Participating in such events challenges her to strike a balance between her studies and chess.

Published: 17th December 2018 04:46 AM  |   Last Updated: 17th December 2018 06:13 AM   |  A+A-

Anya Seth Syed (left) at one of chess tournaments

Express News Service

BENGALURU: What do you expect to see when you walk inside a seventh-grade student’s room? Books, maybe? That is not the case with Greenwood High School student Anya Seth Syed. Filled with innumerable trophies – collected in inter-school competitions, club level and also some FIDE events – her room in Sarjapur stands out by a mile.

The 12-year-old began playing chess early on. As a curious five-year-old, chess for her meant moving pieces on the board. It was only in the last five to six years that she began to take the sport seriously. Syed’s parents were encouraged by her school to provide her with training outside Greenwood to strengthen her talent, and has been training for the last three-four years.

“My interest in the sport really kicked in when I was eight years old as I developed a better understanding. I started to play chess competitively when I was nine years old,” Syed told CE.Syed has now featured in multiple tournaments and won first place in FIDE Open in Mysuru in the U15 category. She also finished third in the U12 category in the Mastermind Chess Tournament in Chennai. Besides that, she delivered in inter-school and club competitions too. She also represented India at the Asian Youth Chess Championship in Thailand, in 2018 – her first tournament outside India.

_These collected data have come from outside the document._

(* If [2 ^+ l <= x < 2 ^+ l.+1], then [x] lies in level [l.+1], whose weight is
   [(2 ^+ l.+1) ^+ m >= x ^+ m]. *)
Lemma exprn_le_dyadic_series m (x : R) : 0 < x ->
  ((x ^+ m)%:E <= \sum_(l <oo) (2 ^+ (l * m) * \1_(dyadic_level l) x)%:E)%E.
Proof.
move=> x0; suff [l x_le] : exists l, x ^+ m <= 2 ^+ (l * m) * \1_(dyadic_level l) x.
  apply: le_trans (nneseries_term_le _ l _); first by rewrite lee_fin.
  by move=> n; rewrite lee_fin mulr_ge0 ?exprn_ge0 ?indic_ge0.
have [x_lt1|x_ge1] := ltP x 1.
  by exists 0%N; rewrite indicE mem_set // mulr1 exprn_ile1 // ltW.
have [l /andP[x_ge x_lt]] := dyadic_bracket x x_ge1.
exists l.+1; rewrite indicE mem_set // mulr1 exprM.
by apply: lerXn2r; rewrite ?nnegrE ?exprn_ge0 ?ltW.
Qed.

End dyadic_majorant.

Section dyadic_moment.
Context (R : realType) (d : measure_display) (T : measurableType d).
Context (P : probability T R) (X : {RV P >-> R}) (s C M : R).
Hypothesis s_ge0 : 0 <= s.
Hypothesis X_tail : forall x, M <= x ->
  (P [set t | (x <= X t)%R] <= (C * powR x (- s))%:E)%E.

Lemma measurable_ge_RV (x : R) : measurable [set t | x <= X t].
Proof.
have -> : [set t | x <= X t] = X @^-1` `[x, +oo[%classic.
  by apply/seteqP; split => t /=; rewrite in_itv /= andbT.
by rewrite -[_ @^-1` _]setTI; apply: measurable_funP => //; exact: measurable_itv.
Qed.

(* Below [M] the trivial bound [P _ <= 1] takes over. *)
Lemma tail_bound_ge1 : exists K, 0 <= K /\ forall x, 1 <= x ->
  (P [set t | (x <= X t)%R] <= (K * powR x (- s))%:E)%E.
Proof.
exists (Num.max C (powR (Num.max M 1) s)); split; first by rewrite le_max powR_ge0 orbT.
move=> x x1; have [Mx|xM] := leP M x.
  by apply: le_trans (X_tail x Mx) _; rewrite lee_fin ler_wpM2r ?powR_ge0 // le_max lexx.
apply: le_trans (probability_le1 _ (measurable_ge_RV x)) _.
have xs_gt0 : 0 < powR x s by rewrite powR_gt0 // (lt_le_trans ltr01).
rewrite lee_fin powRN ler_pdivlMr // mul1r le_max; apply/orP; right.
apply: ge0_ler_powR; rewrite ?nnegrE ?(le_trans ler01 x1) ?le_max ?ler01 ?orbT //.
by rewrite (ltW xM).
Qed.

Participating in such events challenges her to strike a balance between her studies and chess. However, Syed is pleased to have supportive teachers in school. When she is away for competitions, her teachers update her about her studies.

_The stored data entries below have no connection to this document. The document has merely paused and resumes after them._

(* Let $R$ be a finite local Frobenius ring, not a field and of odd characteristic, with a fixed primitive additive character $\psi$. Let $\tau$ be a non-primitive multiplicative character and $\chi$ a non-primitive multiplicative character of $R$. Then $$\sum_{a\in R^\times}\chi(a)\,|K_\tau(a)|^2=\begin{cases}|R^\times|\,|R| & \text{if }\chi=\mathbb{1}\text{ or }\chi=\sigma,\\ 0&\text{otherwise.}\end{cases}$$
   Context: All rings are finite and commutative with identity; $R^\times$ is the unit group; $M$ is the maximal ideal. An additive character $(R,+)\to\mathbb{C}^*$ is primitive if the only ideal on which it is identically $1$ is $(0)$; $R$ is Frobenius if such a character exists. A multiplicative character is a homomorphism $R^\times\to\mathbb{C}^*$; $\mathbb{1}$ is the trivial one; its conductor is $R$ if it is trivial, and otherwise the largest ideal $I\subseteq M$ such that it is identically $1$ on $1+I$; it is primitive if its conductor is $(0)$. $K_\tau(a)=\sum_{u\in R^\times}\tau(u)\psi(u+au^{-1})$. Odd characteristic means $R/M$ has odd characteristic; the quadratic character $\sigma$ sends $u\in R^\times$ to the quadratic character of its residue class in $R/M$. *)

From HB Require Import structures.
From mathcomp Require Import all_boot all_order all_algebra all_fingroup all_field.
Set Implicit Arguments. Unset Strict Implicit. Unset Printing Implicit Defensive.
Import GRing.Theory Num.Theory.
Local Open Scope ring_scope.

Section Defs.
Variable R : finComUnitRingType.

Definition is_ideal (I : {set R}) : Prop :=
  0 \in I /\ (forall x y, x \in I -> y \in I -> x + y \in I) /\
  (forall r x, x \in I -> r * x \in I).

Definition is_maximal_ideal (M : {set R}) : Prop :=
  is_ideal M /\ M != [set: R] /\
  (forall J : {set R}, is_ideal J -> M \subset J -> J = M \/ J = [set: R]).

Definition is_unique_maximal_ideal (M : {set R}) : Prop :=
  is_maximal_ideal M /\ forall J, is_maximal_ideal J -> J = M.

Definition odd_residue_char (M : {set R}) : Prop :=
  exists p : nat, [/\ prime p, odd p & (p%:R : R) \in M].

Definition is_field_ring : Prop := forall x : R, x != 0 -> x \is a GRing.unit.

Definition additive_char (psi : R -> algC) : Prop :=
  (forall x, psi x != 0) /\ forall x y, psi (x + y) = psi x * psi y.

Definition primitive_additive_char (psi : R -> algC) : Prop :=
  additive_char psi /\
  forall I : {set R}, is_ideal I -> (forall x, x \in I -> psi x = 1) -> I = [set 0].

Definition mult_char (chi : {unit R} -> algC) : Prop :=
  (forall u, chi u != 0) /\ forall u v, chi (u * v)%g = chi u * chi v.

Definition trivial_char (chi : {unit R} -> algC) : Prop := forall u, chi u = 1.

Definition trivial_on_1plus (chi : {unit R} -> algC) (I : {set R}) : Prop :=
  forall u : {unit R}, FinRing.uval u - 1 \in I -> chi u = 1.

(* conductor is (0): chi nontrivial and the largest ideal I <= M with chi = 1
   on 1 + I is (0), i.e. every such ideal is (0) *)
Definition primitive_mult_char (M : {set R}) (chi : {unit R} -> algC) : Prop :=
  ~ trivial_char chi /\
  forall I : {set R}, is_ideal I -> I \subset M -> trivial_on_1plus chi I ->
    I = [set 0].

Definition quad_char (M : {set R}) (u : {unit R}) : algC :=
  if [exists v : R, FinRing.uval u - v ^+ 2 \in M] then 1 else -1.

Definition kloosterman (psi : R -> algC) (tau : {unit R} -> algC) (a : R) : algC :=
  \sum_(u : {unit R}) tau u * psi (FinRing.uval u + a * (FinRing.uval u)^-1).

End Defs.

(* Let soc be the annihilator of M.  As R is local but not a field, soc is a
   nonzero ideal contained in M with soc^2 = 0 that meets every nonzero ideal,
   so a non-primitive character is trivial on 1 + L for some nonzero ideal L of
   soc.  Averaging K_tau(a) over the twists u -> u (1 + s), s in L, keeps only
   the u with u^2 = a mod M; averaging the moment over a -> a (1 + s) further
   keeps only the pairs (t v, v) with t in 1 + M.  The pairs with t outside
   1 + soc cancel under a shift v -> v + y (this needs 2 invertible), leaving
     sum_a chi(a) |K_tau(a)|^2
       = c_tau * (sum_(w in 1 + M) chi(w)) * (sum_v chi(v)^2),
   where c_tau = sum_(t in 1 + soc) tau(t).  The last two factors vanish unless
   chi is trivial on 1 + M and chi^2 = 1, which (the squares having index at
   most 2) means chi = 1 or chi = sigma; then they take their value at chi = 1,
   where Parseval's identity gives |R^x| |R|. *)

From HB Require Import structures.
From mathcomp Require Import all_boot all_order all_algebra all_fingroup all_field.
From mathcomp Require Import zify ring.
From Stdlib Require Import Classical.
Import GRing.Theory Num.Theory.
Local Open Scope ring_scope.
Set Implicit Arguments. Unset Strict Implicit. Unset Printing Implicit Defensive.

Section Ideals.
Variable R : finComUnitRingType.

Section OneIdeal.
Variables (I : {set R}) (hI : is_ideal I).

Lemma ideal0 : 0 \in I. Proof. by case: hI. Qed.

Lemma idealD x y : x \in I -> y \in I -> x + y \in I.
Proof. by case: hI => _ [hD _]; apply: hD. Qed.

Lemma idealMl (r x : R) : x \in I -> r * x \in I.
Proof. by case: hI => _ [_ hM]; apply: hM. Qed.

Lemma idealMr (x r : R) : x \in I -> x * r \in I.
Proof. by rewrite mulrC; apply: idealMl. Qed.

Lemma idealNE x : (- x \in I) = (x \in I).
Proof. by apply/idP/idP => /(idealMl (-1)); rewrite ?mulN1r ?opprK. Qed.

Lemma idealB x y : x \in I -> y \in I -> x - y \in I.
Proof. by move=> hx hy; rewrite idealD ?idealNE. Qed.

Lemma idealDr x y : y \in I -> (x + y \in I) = (x \in I).
Proof.
move=> hy; apply/idP/idP => [hxy|hx]; last exact: idealD.
by rewrite -(addrK y x) idealB.
Qed.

Despite her accomplishments, there is no guarantee that Syed will play professionally in the future. It depends on how she develops as a chess player in the country, which already houses some bright talents in the sport. Syed’s parents have left the decision to her.

“Playing professionally depends on her. She is doing well as of now. She’ll continue playing till she enjoys it. Chess is not the only thing she does, she also sings, plays the piano and likes poetry,” said her mother, Vinita Seth.